[Saved data entries]
────────
(* Let $n\geq 2$ and let $\mu_0^n$ be the complex commutative associative algebra with basis $\{e_1,\dots,e_n\}$ and multiplication $e_i\cdot e_j=e_{i+j}$ if $2\leq i+j\leq n$, all other products of basis elements being zero. Let $[-,-]$ be a bilinear operation on $\mu_0^n$ such that $(\mu_0^n,\cdot,[-,-])$ is a transposed Poisson algebra. Then there exist $\alpha_2,\dots,\alpha_n\in\mathbb{C}$ such that \[ [e_i,e_j]=(j-i)\sum_{t=i+j-1}^{n}\alpha_{t-i-j+3}\,e_t\quad\text{for } 3\leq i+j\leq n+1, \] and all other brackets of basis elements are zero. (This algebra is denoted $\mathbf{TP}(\alpha_2,\dots,\alpha_n)$.)
   Context: A transposed Poisson algebra is a triple $(\mathfrak{L},\cdot,[-,-])$ where $\mathfrak{L}$ is a complex vector space, $(\mathfrak{L},\cdot)$ is a commutative associative algebra, $(\mathfrak{L},[-,-])$ is a Lie algebra, and $2z\cdot[x,y]=[z\cdot x,y]+[x,z\cdot y]$ for all $x,y,z\in\mathfrak{L}$. *)

From HB Require Import structures.
From mathcomp Require Import all_boot all_order all_algebra.
From mathcomp Require Import complex.
From mathcomp Require Import reals.
Set Implicit Arguments. Unset Strict Implicit. Unset Printing Implicit Defensive.
Import Order.TTheory GRing.Theory Num.Theory.
Local Open Scope ring_scope.

Definition CC (R : realType) := R[i].

(* The underlying vector space of mu_0^n: coordinate rows 'rV[C]_n,
   coordinate m (0-based) being the coefficient of e_(m+1). *)
Definition vecn (R : realType) (n : nat) := 'rV[CC R]_n.

(* Basis vector e_k (1-based); it is 0 when k = 0 or k > n. *)
Definition ebasis (R : realType) (n : nat) (k : nat) : vecn R n :=
  \row_(m < n) (if (m.+1 == k)%N then 1 else 0).

Definition mu0_mul (R : realType) (n : nat) (x y : vecn R n) : vecn R n :=
  \sum_(i < n) \sum_(j < n) ((x 0 i * y 0 j) *: ebasis R n (i.+1 + j.+1)).

Definition is_TPA_bracket (R : realType) (n : nat)
    (br : vecn R n -> vecn R n -> vecn R n) : Prop :=
  [/\ (forall (a : CC R) x y z, br (a *: x + y) z = a *: br x z + br y z),
      (forall (a : CC R) x y z, br z (a *: x + y) = a *: br z x + br z y),
      (forall x, br x x = 0),
      (forall x y z, br x (br y z) + br y (br z x) + br z (br x y) = 0)
    & (forall x y z, 2%:R *: mu0_mul z (br x y)
                    = br (mu0_mul z x) y + br x (mu0_mul z y)) ].

(* Put v := [e_1, e_2].  For z = e_k the compatibility identity reads
     [e_(i+k), e_j] + [e_i, e_(j+k)] = 2 e_k . [e_i, e_j],
   and the candidate brackets (j - i) e_(i+j-3) . v (with e_0 . v := v) satisfy
   the same identity.  By strong induction on N = p + q, the defects
   d_a := [e_a, e_(N-a)] - (N - 2a) e_(N-3) . v  (0 < a < N)  then satisfy
   d_a + d_b = 0 whenever a <> b; as soon as N >= 4 there are three distinct
   indices, so 2 d_a = 0.  Finally e_(n+1) = 0 gives
   0 = [e_(n+1), e_1] = -n e_(n-1) . v, so v has no e_1 component, and alpha_s
   is the e_s-coefficient of v. *)

From HB Require Import structures.
From mathcomp Require Import all_boot all_order all_algebra.
From mathcomp Require Import complex reals.
From mathcomp Require Import zify ring.
Set Implicit Arguments. Unset Strict Implicit. Unset Printing Implicit Defensive.
Import Order.TTheory GRing.Theory Num.Theory.
Local Open Scope ring_scope.

Section Mu0.
Variables (R : realType) (n : nat).
Local Notation V := (vecn R n).
Local Notation e := (ebasis R n).

(* The e_k-coefficient, 1-based like [ebasis]; it is 0 for k = 0 and k > n,
   which absorbs the truncated subtractions below (see [coef_shift]). *)
Definition coef (k : nat) (w : V) : CC R := \sum_(m < n) (m.+1 == k)%:R * w 0 m.

Fact coef_is_linear k : linear (coef k).
Proof.
move=> c x y; rewrite /coef scaler_sumr -big_split; apply: eq_bigr => m _ /=.
by rewrite !mxE mulrDr mulrCA.
Qed.

HB.instance Definition _ k := GRing.isLinear.Build (CC R) V (CC R) _ (coef k)
  (coef_is_linear k).

Lemma coef_ord (m : 'I_n) w : coef m.+1 w = w 0 m.
Proof.
rewrite /coef (bigD1 m) //= eqxx mul1r big1 ?addr0 // => l.
by rewrite eqSS val_eqE => /negbTE ->; rewrite mul0r.
Qed.

Lemma coef0 w : coef 0 w = 0.
Proof. by rewrite /coef big1 // => m _; rewrite mul0r. Qed.

Lemma coef_out k w : (n < k)%N -> coef k w = 0.
Proof.
move=> ltnk; rewrite /coef big1 // => m _.
by rewrite ltn_eqF ?mul0r // (leq_ltn_trans (ltn_ord m)).
Qed.

Lemma vec_ext x y : (forall k, (0 < k <= n)%N -> coef k x = coef k y) -> x = y.
Proof. by move=> exy; apply/(@rowP (CC R)) => m; rewrite -!coef_ord exy ?ltn_ord. Qed.

Lemma coef_ebasis k j : coef k (e j) = ((0 < k <= n)%N && (k == j))%:R.
Proof.
case: k => [|k]; first by rewrite coef0.
have [ltkn|lenk] := ltnP k n; last by rewrite coef_out.
by rewrite (coef_ord (Ordinal ltkn)) mxE; case: eqP.
Qed.

Lemma ebasis_out k : (n < k)%N -> e k = 0.
Proof.
move=> ltnk; apply: vec_ext => m /andP[_ lemn].
by rewrite coef_ebasis raddf0 ltn_eqF ?andbF // (leq_ltn_trans lemn).
Qed.

Lemma coef_mu0_mul k x y : (k <= n)%N ->
  coef k (mu0_mul x y) = \sum_(i < n) x 0 i * coef (k - i.+1) y.
Proof.
move=> lekn; rewrite linear_sum; apply: eq_bigr => i _.
rewrite linear_sum [X in _ = _ * X]/coef mulr_sumr; apply: eq_bigr => j _.
rewrite linearZ /= coef_ebasis (_ : (_ && _) = (j.+1 == k - i.+1)%N).
  by rewrite -[_ *: _]/(_ * _); ring.
lia.
Qed.

Lemma coef_mul_ebasis j k y : (0 < j)%N -> (k <= n)%N ->
  coef k (mu0_mul (e j) y) = coef (k - j) y.
Proof.
move=> j_gt0 lekn; rewrite coef_mu0_mul //.
have [lejn|ltnj] := leqP j n.
  have ltj1n : (j.-1 < n)%N by rewrite prednK.
  rewrite (bigD1 (Ordinal ltj1n)) //= big1 ?addr0.
    by rewrite mxE prednK // eqxx mul1r.
  move=> i; rewrite mxE -val_eqE /=.
  by case: (i.+1 =P j) => [<-|_]; rewrite ?eqxx ?mul0r.
rewrite (_ : k - j = 0)%N ?coef0; last lia.
by rewrite big1 // => i _; rewrite mxE ltn_eqF ?mul0r // (leq_ltn_trans (ltn_ord i)).
Qed.

Lemma mu0_mulZr (c : CC R) (x y : V) : mu0_mul x (c *: y) = c *: mu0_mul x y.
Proof.
rewrite /mu0_mul scaler_sumr; apply: eq_bigr => i _.
by rewrite scaler_sumr; apply: eq_bigr => j _; rewrite mxE scalerA mulrCA.
Qed.

Lemma mul_ebasis j k : (0 < j)%N -> (0 < k)%N -> mu0_mul (e j) (e k) = e (j + k).
Proof.
move=> j_gt0 k_gt0; apply: vec_ext => m /andP[m_gt0 lemn].
by rewrite coef_mul_ebasis // !coef_ebasis; congr (_%:R); lia.
Qed.

(* Multiplication by e_k in the unitalization, e_0 acting as the unit. *)
Definition shift (k : nat) (w : V) : V := if k is 0 then w else mu0_mul (e k) w.

Lemma coef_shift k w m : (m <= n)%N -> coef m (shift k w) = coef (m - k) w.
Proof. by case: k => [|k] lemn; rewrite ?subn0 // coef_mul_ebasis. Qed.

Lemma mul_ebasis_shift j k w : (0 < j)%N ->
  mu0_mul (e j) (shift k w) = shift (k + j) w.
Proof.
move=> j_gt0; apply: vec_ext => m /andP[_ lemn].
rewrite coef_mul_ebasis // !coef_shift ?(leq_trans (leq_subr j m)) //.
by rewrite subnDA subnAC.
Qed.

Lemma shift_expansion k w : coef 1 w = 0 ->
  shift k w = \sum_(k.+2 <= t < n.+1) coef (t - k) w *: e t.
Proof.
move=> w1; apply: vec_ext => m /andP[m_gt0 lemn].
rewrite coef_shift // linear_sum.
under eq_bigr do
  rewrite linearZ /= coef_ebasis m_gt0 lemn /= eq_sym -[_ *: _]/(_ * _) mulr_natr mulrb.
rewrite -big_mkcond big_nat1_eq ltnS lemn andbT.
case: leqP => // lemk1.
have [->|->] : (m - k = 0 \/ m - k = 1)%N by lia.
  exact: coef0.
exact: w1.
Qed.

Definition tp_br (v : V) (i j : nat) : V :=
  ((j%:Z - i%:Z)%:~R : CC R) *: shift (i + j - 3) v.

Lemma tp_br_TP v i j k : (0 < i)%N -> (0 < j)%N -> (0 < k)%N ->
  tp_br v (i + k) j + tp_br v i (j + k) = 2%:R *: mu0_mul (e k) (tp_br v i j).
Proof.
move=> i_gt0 j_gt0 k_gt0.
rewrite /tp_br mu0_mulZr mul_ebasis_shift // scalerA -addnA [(k + j)%N]addnC -scalerDl.
have -> : (j%:Z - (i + k)%:Z)%:~R + ((j + k)%:Z - i%:Z)%:~R =
          2%:R * (j%:Z - i%:Z)%:~R :> CC R.
  by rewrite !rmorphB /= -!pmulrn !natrD; ring.
have [ij3|ij2] := leqP 3 (i + j).
  by congr (_ *: shift _ _); lia.
have [-> ->] : (i = 1 /\ j = 1)%N by lia.
by rewrite subrr mulr0z mulr0 !scale0r.
Qed.

End Mu0.

Lemma eq0_of_pairwise_sum_eq0 (F : numFieldType) (U : lmodType F) (N : nat)
    (d : nat -> U) :
  (3 < N)%N -> (forall a b, (0 < b)%N -> (b < a < N)%N -> d a + d b = 0) ->
  forall a, (0 < a < N)%N -> d a = 0.
Proof.
move=> N_gt3 d_pair.
have d_opp a b : (0 < a < N)%N -> (0 < b < N)%N -> a != b -> d a = - d b.
  move=> /andP[a_gt0 ltaN] /andP[b_gt0 ltbN]; rewrite neq_ltn => /orP[ltab|ltba].
    by apply/eqP; rewrite -addr_eq0 addrC d_pair // ltab.
  by apply/eqP; rewrite -addr_eq0 d_pair // ltba.
move=> a a_range.
have [b [c [b_range c_range neq_ab neq_ac neq_bc]]] : exists b c,
    [/\ (0 < b < N)%N, (0 < c < N)%N, a != b, a != c & b != c].
  have [->|[->|a_ge3]] : (a = 1 \/ a = 2 \/ 3 <= a)%N by lia.
  - by exists 2%N, 3%N; split; lia.
  - by exists 1%N, 3%N; split; lia.
  - by exists 1%N, 2%N; split; lia.
have : 2%:R *: d a = 0.
  rewrite scaler_nat mulr2n {1}(d_opp a b) // (d_opp b c) // opprK.
  by rewrite (d_opp a c) // subrr.
by move/eqP; rewrite scaler_eq0 pnatr_eq0 => /eqP.
Qed.

Section TransposedPoissonBracket.
Variables (R : realType) (n : nat) (br : vecn R n -> vecn R n -> vecn R n).
Hypothesis tpa : is_TPA_bracket br.
Local Notation e := (ebasis R n).
Local Notation v := (br (e 1) (e 2)).

Lemma br_alt x : br x x = 0.
Proof. by case: tpa. Qed.

Lemma br_anti x y : br y x = - br x y.
Proof.
case: tpa => brDl brDr _ _ _.
have brD1 a b c : br (a + b) c = br a c + br b c by have := brDl 1 a b c; rewrite !scale1r.
have brD2 a b c : br c (a + b) = br c a + br c b by have := brDr 1 a b c; rewrite !scale1r.
apply/eqP; rewrite -addr_eq0 addrC.
by have := br_alt (x + y); rewrite brD1 !brD2 !br_alt add0r addr0 => ->.
Qed.

Lemma br0l z : br 0 z = 0.
Proof.
case: tpa => brDl _ _ _ _.
have := brDl 1 0 0 z; rewrite !scale1r !addr0 => brDz.
by apply: (addrI (br 0 z)); rewrite addr0 -brDz.
Qed.

Lemma br_ebasis_TP i j k : (0 < i)%N -> (0 < j)%N -> (0 < k)%N ->
  br (e (i + k)) (e j) + br (e i) (e (j + k)) =
  2%:R *: mu0_mul (e k) (br (e i) (e j)).
Proof.
by case: tpa => _ _ _ _ TP *; rewrite TP !mul_ebasis // ![(k + _)%N]addnC.
Qed.

Lemma br_ebasis p q : (0 < p)%N -> (0 < q)%N -> br (e p) (e q) = tp_br v p q.
Proof.
move: {2}(p + q)%N (erefl (p + q)%N) => N.
elim/ltn_ind: N p q => N IH p q pqN p_gt0 q_gt0.
have [leN3|ltN3] := leqP N 3.
  have [[-> ->]|[[-> ->]|[-> ->]]] :
    (p = 1 /\ q = 1 \/ p = 1 /\ q = 2 \/ p = 2 /\ q = 1)%N by lia.
  - by rewrite br_alt /tp_br subrr mulr0z scale0r.
  - by rewrite /tp_br /= scale1r.
  - by rewrite br_anti /tp_br /= scaleN1r.
pose d a := br (e a) (e (N - a)) - tp_br v a (N - a).
have d_pair a b : (0 < b)%N -> (b < a < N)%N -> d a + d b = 0.
  move=> b_gt0 /andP[ltba ltaN].
  have [k_gt0 j_gt0] : (0 < a - b)%N /\ (0 < N - a)%N by lia.
  have TP := br_ebasis_TP b_gt0 j_gt0 k_gt0.
  have tpTP := tp_br_TP v b_gt0 j_gt0 k_gt0.
  have Ea : (b + (a - b) = a)%N by lia.
  have Eb : (N - a + (a - b) = N - b)%N by lia.
  rewrite Ea Eb in TP tpTP.
  have ltbjN : (b + (N - a) < N)%N by lia.
  by rewrite /d addrACA -opprD TP tpTP (IH _ ltbjN b (N - a)%N erefl) // subrr.
have p_range : (0 < p < N)%N by lia.
have /eqP := eq0_of_pairwise_sum_eq0 ltN3 d_pair p_range.
by rewrite /d subr_eq0 -pqN addKn => /eqP.
Qed.

Lemma coef1_br12 : (0 < n)%N -> coef 1 v = 0.
Proof.
move=> n_gt0; have := br_ebasis (ltn0Sn n) (ltn0Sn 0).
rewrite ebasis_out // br0l /tp_br => /(congr1 (coef n)).
rewrite raddf0 linearZ /= coef_shift // (_ : (n - (n.+1 + 1 - 3) = 1)%N); last by lia.
move/esym/eqP; rewrite mulf_eq0 intr_eq0 => /orP[/eqP|/eqP //]; lia.
Qed.

End TransposedPoissonBracket.

Theorem mainTheorem1 (R : realType) (n : nat) (hn : (2 <= n)%N)
    (br : vecn R n -> vecn R n -> vecn R n) :
  is_TPA_bracket br ->
  exists alpha : nat -> CC R,
    forall i j : nat, (1 <= i <= n)%N -> (1 <= j <= n)%N ->
      br (ebasis R n i) (ebasis R n j) =
      if (3 <= i + j <= n.+1)%N then
        ((j%:Z - i%:Z)%:~R : CC R) *:
          \sum_((i + j).-1 <= t < n.+1) (alpha (t + 3 - (i + j))%N *: ebasis R n t)
      else 0.
Proof.
move=> tpa; exists (fun s => coef s (br (ebasis R n 1) (ebasis R n 2))).
move=> i j /andP[i_gt0 _] /andP[j_gt0 _].
have [ij2|ij3] := ltnP (i + j)%N 3.
  have [-> ->] : (i = 1 /\ j = 1)%N by lia.
  exact: br_alt.
rewrite (br_ebasis tpa) // /tp_br (shift_expansion _ (coef1_br12 tpa _)); last by lia.
case: leqP => [lenij|ltnij].
  congr (_ *: _); rewrite (_ : (i + j - 3).+2 = (i + j).-1)%N; last by lia.
  by apply: eq_bigr => t _; congr (coef _ _ *: _); lia.
by rewrite big_geq ?scaler0 //; lia.
Qed.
────────
What do the lines above say from the one containing "rewrite (bigD1 (Ordinal" down to the one containing "Lemma shift_expansion k w : coef 1 w = 0 ->"? Return them exactly, both end lines included, and only them.

*The completed task*:
  rewrite (bigD1 (Ordinal ltj1n)) //= big1 ?addr0.
    by rewrite mxE prednK // eqxx mul1r.
  move=> i; rewrite mxE -val_eqE /=.
  by case: (i.+1 =P j) => [<-|_]; rewrite ?eqxx ?mul0r.
rewrite (_ : k - j = 0)%N ?coef0; last lia.
by rewrite big1 // => i _; rewrite mxE ltn_eqF ?mul0r // (leq_ltn_trans (ltn_ord i)).
Qed.

Lemma mu0_mulZr (c : CC R) (x y : V) : mu0_mul x (c *: y) = c *: mu0_mul x y.
Proof.
rewrite /mu0_mul scaler_sumr; apply: eq_bigr => i _.
by rewrite scaler_sumr; apply: eq_bigr => j _; rewrite mxE scalerA mulrCA.
Qed.

Lemma mul_ebasis j k : (0 < j)%N -> (0 < k)%N -> mu0_mul (e j) (e k) = e (j + k).
Proof.
move=> j_gt0 k_gt0; apply: vec_ext => m /andP[m_gt0 lemn].
by rewrite coef_mul_ebasis // !coef_ebasis; congr (_%:R); lia.
Qed.

(* Multiplication by e_k in the unitalization, e_0 acting as the unit. *)
Definition shift (k : nat) (w : V) : V := if k is 0 then w else mu0_mul (e k) w.

Lemma coef_shift k w m : (m <= n)%N -> coef m (shift k w) = coef (m - k) w.
Proof. by case: k => [|k] lemn; rewrite ?subn0 // coef_mul_ebasis. Qed.

Lemma mul_ebasis_shift j k w : (0 < j)%N ->
  mu0_mul (e j) (shift k w) = shift (k + j) w.
Proof.
move=> j_gt0; apply: vec_ext => m /andP[_ lemn].
rewrite coef_mul_ebasis // !coef_shift ?(leq_trans (leq_subr j m)) //.
by rewrite subnDA subnAC.
Qed.

Lemma shift_expansion k w : coef 1 w = 0 ->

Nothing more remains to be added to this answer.